Xiao Feng starts to get along with Da Ye and falls in love with him. However, Da Ye doesn't have any feelings for Xiao Feng as he treats every girl the same way, although Xiao Feng sometimes feels that she is given preferential treatment. During this period, Yi Cheng starts to develop romantic feelings for Xiao Feng.

Xiao Feng confesses her feelings to Da Ye, who rejects her by saying that he doesn't know the true meaning of "love." Xiao Feng becomes heartbroken and depressed.

Yi Cheng pursues Xiao Feng, and they grow closer, which makes Da Ye uneasy. Just when Yi Cheng and Xiao Feng are about to become a couple, one of Yi Cheng's previous romantic interests demands his attention. They talk things through and move on from each other. However, Xiao Feng misinterprets the situation and becomes heartbroken again. Da Ye begins to develop feelings for Xiao Feng, and she starts dating him to help forget about Yi Cheng.

Yi Cheng continues to pursue Xiao Feng despite her being in a relationship with Da Ye. In class, Yi Cheng and Xiao Feng accidentally kiss; however, Xiao Feng tells Yi Cheng that she hated the kiss. Yi Cheng later confesses his feelings to Xiao Feng, while Da Ye becomes increasingly jealous.

Without telling Yi Cheng, Da Ye and Xiao Feng go on a two-day trip. Upon returning, Yi Cheng embraces Xiao Feng and tries to kiss her, but she pushes him away. Xiao Feng tells Da Ye about this, and Da Ye reacts by punching Yi Cheng.

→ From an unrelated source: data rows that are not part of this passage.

(* σ^A is the linear map fixed by σ^A(1) = 1 and
   σ^A(x_l f) = ã†_l σ^A(f); the second rule holds because the ã†_l commute,
   which comes down to the commutativity of the Dunkl operators and the
   symmetry of the commutators [D_j, x_l].  Induction on f along these two
   rules shows that σ^A commutes with every s_ij (the ã†_l are S_N-equivariant)
   and that D_j σ^A = √2 σ^A D_j, i.e. σ^A D_j = ã_j σ^A.  Hence
   σ^A(x_j D_j f) = ã†_j ã_j σ^A(f), which is the claim for Q = \hat D_j;
   the general case follows by induction on Q. *)

Section CommutingIterates.
Variables (T : Type) (I : eqType) (F : I -> T -> T).
Hypothesis F_comm : forall i j x, F i (F j x) = F j (F i x).

Lemma iter_comm i j n k x :
  iter n (F i) (iter k (F j) x) = iter k (F j) (iter n (F i) x).
Proof.
have F_iter y : F i (iter k (F j) y) = iter k (F j) (F i y).
  by elim: k y => //= k IH y; rewrite F_comm IH.
by elim: n => //= n ->; apply: F_iter.
Qed.

Definition iter_prod (q : seq I) (m : I -> nat) : T -> T :=
  foldr (fun i g => iter (m i) (F i) \o g) id q.

Lemma iter_prod_incr q (m m' : I -> nat) l x :
    (forall i, m' i = m i + (i == l))%N ->
  iter_prod q m' x = iter (count_mem l q) (F l) (iter_prod q m x).
Proof.
move=> m'E; elim: q => //= i q; rewrite /iter_prod /= => ->; rewrite m'E.
have [->|_] := eqVneq i l; last by rewrite addn0 add0n iter_comm.
by rewrite -!iterD addn1 add1n addSn addnC.
Qed.

Lemma iter_prod0 q (m : I -> nat) x :
  (forall i, m i = 0)%N -> iter_prod q m x = x.
Proof. by move=> m0; elim: q => //= i q; rewrite /iter_prod /= m0 => ->. Qed.

End CommutingIterates.

Section MpolyFacts.
Variables (R : ringType) (n : nat).

Lemma mpoly_indX (P : {mpoly R[n]} -> Prop) :
    P 1 -> (forall f g, P f -> P g -> P (f + g)) ->
    (forall c f, P f -> P (c *: f)) -> (forall i f, P f -> P ('X_i * f)) ->
  forall f, P f.
Proof.
move=> P1 PD PZ PX.
have PXM m f : P f -> P ('X_[m] * f).
  rewrite mpolyXE_id; move: f; elim/big_rec: _ => [|i g _ Pg] f Pf.
    by rewrite mul1r.
  rewrite -mulrA; elim: (m i) => [|k IHk].
    by rewrite expr0 mul1r; apply: Pg.
  by rewrite exprS -mulrA; apply: PX.
elim/mpolyind => [|c m f _ _ Pf]; first by rewrite -(scale0r 1); apply: PZ.
by apply: PD => //; apply: PZ; rewrite -[X in P X]mulr1; apply: PXM.
Qed.

Lemma mderivXU (i j : 'I_n) : ('X_j : {mpoly R[n]})^`M(i) = (j == i)%:R%:MP.
Proof.
rewrite mderivX mnm1E; have [->|_] := eqVneq j i; last by rewrite scale0r.
have -> : (U_(i) - U_(i))%MM = 0%MM.
  by apply/mnmP => k; rewrite mnmBE subnn mnm0E.
by rewrite mpolyX0 scale1r.
Qed.

Lemma mpoly_linear_eqX (V : lmodType R) (F G : {linear {mpoly R[n]} -> V}) :
    F 1 = G 1 -> (forall i f, F f = G f -> F ('X_i * f) = G ('X_i * f)) ->
  F =1 G.
Proof.
move=> FG1 FGX; elim/mpoly_indX => [//|f g FGf FGg|c f FGf|i f /FGX //].
  by rewrite !linearD FGf FGg.
by rewrite !linearZ FGf.
Qed.

End MpolyFacts.

Section MpolyLinearExtension.
Variables (R : comRingType) (n : nat) (V : lmodType R) (v : 'X_{1..n} -> V).

Definition mlinext (f : {mpoly R[n]}) : V := \sum_(m <- msupp f) f@_m *: v m.

Lemma mlinextE k f : (msize f <= k)%N ->
  mlinext f = \sum_(m : 'X_{1..n < k}) f@_m *: v m.
Proof.
move=> le_fk; pose I : subFinType _ := 'X_{1..n < k}.
rewrite /mlinext (big_mksub I) ?msupp_uniq //=; last first.
  by move=> m /msize_mdeg_lt /leq_trans; apply.
by rewrite big_rmcond //= => m /memN_msupp_eq0 ->; rewrite scale0r.
Qed.

Lemma mlinext_is_linear : linear mlinext.
Proof.
move=> c f g; pose k := maxn (msize f) (msize g).
have le_fg : (msize (c *: f + g) <= k)%N.
  rewrite (leq_trans (msizeD_le _ _)) // geq_max leq_maxr andbT.
  exact: leq_trans (msizeZ_le _ _) (leq_maxl _ _).
rewrite (mlinextE le_fg) (mlinextE (leq_maxl (msize f) (msize g))).
rewrite (mlinextE (leq_maxr (msize f) (msize g))) scaler_sumr -big_split /=.
by apply: eq_bigr => m _; rewrite mcoeffD mcoeffZ scalerDl scalerA.
Qed.

HB.instance Definition _ :=
  GRing.isLinear.Build R {mpoly R[n]} V _ mlinext mlinext_is_linear.

Lemma mlinextX m : mlinext 'X_[m] = v m.
Proof. by rewrite /mlinext msuppX big_seq1 mcoeffX eqxx scale1r. Qed.

Lemma mlinextXM (A : {linear V -> V}) i f :
    (forall m, v (m + U_(i))%MM = A (v m)) ->
  mlinext ('X_i * f) = A (mlinext f).
Proof.
move=> vXU; rewrite {1}(mpolyE f) mulr_sumr linear_sum.
rewrite [in RHS]/mlinext linear_sum.
apply: eq_bigr => m _; rewrite -scalerAr linearZ linearZ /=.
by rewrite mulrC -mpolyXD mlinextX vXU.
Qed.

End MpolyLinearExtension.

Section Swaps.
Variables (C : numClosedFieldType) (N : nat).
Local Notation P := {mpoly C[N]}.
Local Notation sw := (@swap C N).
Implicit Types (f : P) (a b i j l : 'I_N).

HB.instance Definition _ i j :=
  GRing.RMorphism.copy (sw i j) (msym (tperm i j)).

Lemma swap_is_scalable i j : scalable (sw i j).
Proof. by move=> c f; rewrite /swap msymZ. Qed.

HB.instance Definition _ i j :=
  GRing.isScalable.Build C P P *:%R (sw i j) (@swap_is_scalable i j).

Lemma swapX i j l : sw i j 'X_l = 'X_(tperm i j l).
Proof.
rewrite /swap msymX tpermV; congr mpolyX; apply/mnmP => k.
by rewrite mnmE !mnm1E (canF_eq (tpermK i j)).
Qed.

Lemma swapC i j f : sw i j f = sw j i f.
Proof. by rewrite /swap tpermC. Qed.

Lemma swap_swap a b i j f :
  sw i j (sw a b f) = sw a b (sw (tperm a b i) (tperm a b j) f).
Proof.
rewrite /swap -!msymMm -tpermJ; congr msym.
by rewrite /conjg tpermV -!mulgA tperm2 mulg1.
Qed.

End Swaps.

Section DividedDifference.
Variables (C : numClosedFieldType) (N : nat) (j k : 'I_N).
Hypothesis njk : j != k.
Local Notation P := {mpoly C[N]}.
Local Notation sw := (@swap C N j k).
Local Notation dd := (@divdiff C N j k).
Local Notation d := ('X_j - 'X_k : P).
Implicit Types (f g : P) (l : 'I_N).

Lemma XsubX_neq0 : d != 0.
Proof.
rewrite subr_eq0; apply/eqP => /(congr1 (mcoeff U_(j))).
by rewrite !mcoeffXU eqxx eq_sym (negbTE njk) => /eqP; rewrite oner_eq0.
Qed.

Lemma XsubX_swapX l : 'X_l - sw 'X_l = d * ((l == j)%:R - (l == k)%:R)%:MP.
Proof.
rewrite swapX mulrC mul_mpolyC.
case: (tpermP j k l) => [->|->|/eqP nlj /eqP nlk].
- by rewrite eqxx (negbTE njk) subr0 scale1r.
- by rewrite eq_sym (negbTE njk) eqxx sub0r scaleN1r opprB.
- by rewrite (negbTE nlj) (negbTE nlk) !subrr scale0r.
Qed.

The cousins learn that one of them must return to Shanghai to assist a new family business. Yi Cheng wants to ruin Da Ye and Xiao Feng's next date but hesitates as he does not want to hurt Xiao Feng. Da Ye breaks up with Xiao Feng, hating his jealousy as he falls further in love with her, and decides to go to Shanghai.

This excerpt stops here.